National Grid issued a notice to the market that is had dispatched DSBR for periods 35 and 36, calling on registered participants in the reserve to reduce demand by 40MW. National Grid has reserved 515MW under the DSBR for winter 2015-16 at a cost of £2.6mn. DSBR is not priced into the cash-out mechanism and therefore does not impact on imbalance prices; however, if the SO had called on SBR, this would have impacted prices through the VoLL mechanism. On this occasion it did not.
Further to asking users to turn down, the SO also agreed a cross-border balancing transaction for 200MW of power from Ireland’s Eirgrid via the East-West interconnector. This covered the period 15:55 to 18:30 at a cost of €390/MWh.
The generation market responded to the NISM request and we saw some exceptionally high offers being put into the balancing mechanism. This included one from a major power station offering to increase its output for £2,500/MWh. A peak APX exchange price of £259/MWh was also seen on the half hourly spot market in period 35.
The highest SBP for the day was recorded in period 32 at £419/MWh. If the events of 4 November had happened a day later under the new cash-out rules, we would have seen a peak SBP of £500/MWh, reinforcing the market signal. But the new RSP mechanism would not have impacted the outturn cash-out prices, as the LoLP would have been lower than the non-BM STOR utilisation price.
Interestingly, there was no noticeable response from the forward power market as day-ahead baseload and peak prices were broadly unchanged following the NISM. The day-ahead baseload price actually dropped 0.8% day-on-day to £40.3/MWh, mainly due to the expected rise in available wind power to a peak of 4GW during the day.
So despite much media alarmism over blackouts on Wednesday and Thursday, the system did respond as it was supposed to, and at reasonable cost to the consumer. The events were caused by low wind output and plant outages, and with increasing intermittency a feature of the system this could be a template for things to come. Following reaction from generators, with the incentives of higher balancing prices, the market was actually long for the periods of the NISM. The switch-over to more marginal cash-out prices last week will further sharpen incentives on generators to respond to these signals.
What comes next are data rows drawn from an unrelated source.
(* Cauchy-Schwarz, from the nonnegativity of |a u -/+ b v|^2 with
   a = |v| and b = |u|. *)
Lemma cauchy_schwarz u v : Rabs (dot u v) <= vnorm u * vnorm v.
Proof.
case: (Req_dec (vnorm u) 0) => [/vnorm_eq0 -> | Hu0].
  by rewrite dot_zero_l vnorm_zero Rabs_R0; lra.
case: (Req_dec (vnorm v) 0) => [/vnorm_eq0 -> | Hv0].
  by rewrite dot_sym dot_zero_l vnorm_zero Rabs_R0; lra.
have Su := vnorm_sq u; have Sv := vnorm_sq v.
set a := vnorm v in Sv Hv0 *; set b := vnorm u in Su Hu0 *.
have Ha : 0 < a by have := vnorm_ge0 v; rewrite -/a; lra.
have Hb : 0 < b by have := vnorm_ge0 u; rewrite -/b; lra.
have Q : forall s, 0 <= a * a * dot u u - 2 * s * a * b * dot u v + s * s * b * b * dot v v.
  move=> s; have := dot_ge0 (vsub (vscale a u) (vscale (s * b) v)).
  rewrite !dot_sub_l !dot_sub_r !dot_scale_l !dot_scale_r (dot_sym v u).
  by move=> ?; nra.
have Q1 := Q 1; have Q2 := Q (-1).
rewrite -Su -Sv in Q1 Q2.
have ab : 0 < b * a by nra.
apply: Rabs_le; split; apply: (Rmult_le_reg_r (b * a)) => //; nra.
Qed.

Lemma vnorm_triangle u v : vnorm (vadd u v) <= vnorm u + vnorm v.
Proof.
have E : dot (vadd u v) (vadd u v) = dot u u + 2 * dot u v + dot v v.
  by rewrite dot_add_r !(dot_sym (vadd u v)) !dot_add_r (dot_sym v u); ring.
have C := cauchy_schwarz u v; have := Rle_abs (dot u v).
rewrite -!vnorm_sq in E.
have := vnorm_ge0 u; have := vnorm_ge0 v.
move=> *; apply: Rsqr_incr_0_var; rewrite /Rsqr; nra.
Qed.

End Euclid.

Lemma vadd_zero {p} : vadd (vzero p) (vzero p) = vzero p.
Proof. by apply: functional_extensionality => i; rewrite /vadd /vzero; ring. Qed.

Lemma vscale_zero {p} c : vscale c (vzero p) = vzero p.
Proof. by apply: functional_extensionality => i; rewrite /vscale /vzero; ring. Qed.

Definition ebasis {p} (i : 'I_p) : vec p := fun j => if i == j then 1 else 0.

Lemma vec_decomp {p} (v : vec p) :
  v = \big[vadd/vzero p]_(i < p) vscale (v i) (ebasis i).
Proof.
apply: functional_extensionality => j.
rewrite (big_morph (fun w : vec p => w j) (id1 := 0) (op1 := Rplus)) //.
rewrite (bigD1 j) //= /vscale /ebasis eqxx big1; first ring.
by move=> i /negbTE ->; ring.
Qed.

Section OperatorNorm.
Context {p q : nat} (L : vec p -> vec q).
Hypothesis Hadd : forall x y, L (vadd x y) = vadd (L x) (L y).
Hypothesis Hsc : forall c x, L (vscale c x) = vscale c (L x).

Lemma linear_zero : L (vzero p) = vzero q.
Proof.
rewrite -(vscale_zero (p := p) 0) Hsc.
by apply: functional_extensionality => i; rewrite /vscale /vzero; ring.
Qed.

(* The image of the unit ball is bounded by the sum of the norms of the
   images of the standard basis vectors. *)
Lemma opnorm_set_bounded : bound (opnorm_set L).
Proof.
exists (\big[Rplus/0]_(i < p) vnorm (L (ebasis i))) => r [v [Hv ->]].
rewrite (vec_decomp v) (big_morph L (id1 := vzero q) (op1 := vadd)) ?linear_zero //.
apply: Rle_trans (_ : _ <= \big[Rplus/0]_(i < p) vnorm (L (vscale (v i) (ebasis i)))) _.
  apply: (big_ind2 (fun (x : vec q) (y : R) => vnorm x <= y)).
  - by rewrite vnorm_zero; lra.
  - by move=> x1 x2 y1 y2 H1 H2; have := vnorm_triangle x1 y1; lra.
  - by move=> i _; lra.
apply: sumR_le => i _; rewrite Hsc vnorm_scale.
have Hvi : Rabs (v i) <= 1.
  have := coord_sq_le v i; rewrite -vnorm_sq => C.
  have Hv0 := vnorm_ge0 v; apply: Rabs_le; split; nra.
by have := vnorm_ge0 (L (ebasis i)); nra.
Qed.

Lemma opnorm_bound : 0 <= opnorm L /\ forall v, vnorm (L v) <= opnorm L * vnorm v.
Proof.
have [Hup _] : is_lub (opnorm_set L) (opnorm L).
  rewrite /opnorm; case: excluded_middle_informative => [H | ]; last by have := opnorm_set_bounded.
  by case: (completeness _ H (opnorm_set_inhabited L)).
have G0 : 0 <= opnorm L.
  by apply: Hup; exists (vzero p); rewrite linear_zero !vnorm_zero; split; lra.
split => // v.
case: (Req_dec (vnorm v) 0) => [/vnorm_eq0 -> | H0].
  by rewrite linear_zero !vnorm_zero; lra.
have Hpos : 0 < vnorm v by have := vnorm_ge0 v; lra.
have Hinv : 0 < / vnorm v by apply: Rinv_0_lt_compat.
have Hw : vnorm (L (vscale (/ vnorm v) v)) <= opnorm L.
  apply: Hup; exists (vscale (/ vnorm v) v); split => //.
  by rewrite vnorm_scale Rabs_right ?Rinv_l; lra.
rewrite Hsc vnorm_scale Rabs_right in Hw; last lra.
apply: (Rmult_le_reg_l (/ vnorm v)) => //.
by rewrite (Rmult_comm (opnorm L)) -Rmult_assoc Rinv_l; lra.
Qed.

End OperatorNorm.

Section Linear2.
Context {n m k : nat} (L : vec n -> vec m -> vec k).
Hypothesis HL : linear2 L.

Lemma linear2_split a z : L a z = vadd (L a (vzero m)) (L (vzero n) z).
Proof.
case: HL => Hadd _; rewrite -Hadd; congr L.
- by apply: functional_extensionality => i; rewrite /vadd /vzero; ring.
- by apply: functional_extensionality => i; rewrite /vadd /vzero; ring.
Qed.

Lemma linear2_opnorm_a :
  0 <= opnorm (fun a => L a (vzero m)) /\
  forall a, vnorm (L a (vzero m)) <= opnorm (fun a => L a (vzero m)) * vnorm a.
Proof.
case: HL => Hadd Hsc; apply: opnorm_bound => [x y | c x].
- by rewrite -Hadd vadd_zero.
- by rewrite -Hsc vscale_zero.
Qed.

Lemma linear2_opnorm_z :
  0 <= opnorm (fun z => L (vzero n) z) /\
  forall z, vnorm (L (vzero n) z) <= opnorm (fun z => L (vzero n) z) * vnorm z.
Proof.
case: HL => Hadd Hsc; apply: opnorm_bound => [x y | c x].
- by rewrite -Hadd vadd_zero.
- by rewrite -Hsc vscale_zero.
Qed.

End Linear2.

Lemma derivable_of_remainder (F : R -> R) x l :
  (forall e, 0 < e -> exists d, 0 < d /\
     forall h, Rabs h < d -> Rabs (F (x + h) - F x - l * h) <= e * Rabs h) ->
  derivable_pt_lim F x l.
Proof.
move=> H eps Heps; have [d [Hd Hrem]] := H (eps / 2) ltac:(lra).
exists (mkposreal d Hd) => h h0 /= hd.
have Hh : 0 < Rabs h by apply: Rabs_pos_lt.
have -> : (F (x + h) - F x) / h - l = (F (x + h) - F x - l * h) / h by field.
rewrite /Rdiv Rabs_mult Rabs_inv; apply: (Rmult_lt_reg_r (Rabs h)) => //.
rewrite Rmult_assoc Rinv_l; last lra.
by have := Hrem h hd; nra.
Qed.

Lemma derivable_continuous (F : R -> R) x l :
  derivable_pt_lim F x l -> forall e, 0 < e ->
  exists d, 0 < d /\ forall y, Rabs (y - x) < d -> Rabs (F y - F x) < e.
Proof.
move=> H e He.
have [d [Hd Hy]] := derivable_continuous_pt F x (exist _ l H) e He.
exists d; split => // y Hyx.
case: (Req_dec x y) => [<- | Hne]; first by rewrite Rminus_diag_eq // Rabs_R0.
exact: (Hy y (conj (conj I Hne) Hyx)).
Qed.

Lemma derivable_pos_increase (F : R -> R) x l :
  derivable_pt_lim F x l -> 0 < l ->
  exists d, 0 < d /\ forall h, 0 < h < d -> F x < F (x + h).
Proof.
move=> H Hl; have [d Hd] := H l Hl.
exists d; split => [|h Hh]; first exact: cond_pos.
have /Rabs_def2 [_ Hq] : Rabs ((F (x + h) - F x) / h - l) < l.
  by apply: Hd; [lra | rewrite Rabs_right; lra].
have Hq' : 0 < (F (x + h) - F x) / h by lra.
have : 0 < (F (x + h) - F x) / h * h by apply: Rmult_lt_0_compat; lra.
by rewrite /Rdiv Rmult_assoc Rinv_l; lra.
Qed.

Lemma mvt_lower_bound (F F' : R -> R) a b k :
  a <= b ->
  (forall s, a <= s <= b -> derivable_pt_lim F s (F' s)) ->
  (forall s, a <= s <= b -> k <= F' s) ->
  k * (b - a) <= F b - F a.
Proof.
move=> Hab HD Hk; case: (Req_dec a b) => [-> | Hne]; first lra.
have [c [-> Hc]] := MVT_cor2 F F' a b ltac:(lra) HD.
apply: Rmult_le_compat_r; [lra | apply: Hk; lra].
Qed.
With single pricing, sharper values and new functions, the cash-out regime will drive behavioural change. Peak prices will be higher, trough prices lower and rates overall more volatile and complex to forecast. If there is a prolonged cold-snap with low wind speeds, or an unexpected failure at significant stations, which then requires the activation of the various reserve services, prices could spike to levels which could have material impacts on a wide array of trading parties in the market. This is especially true of smaller ones that have historically been more exposed to imbalance over peak periods than their larger peers.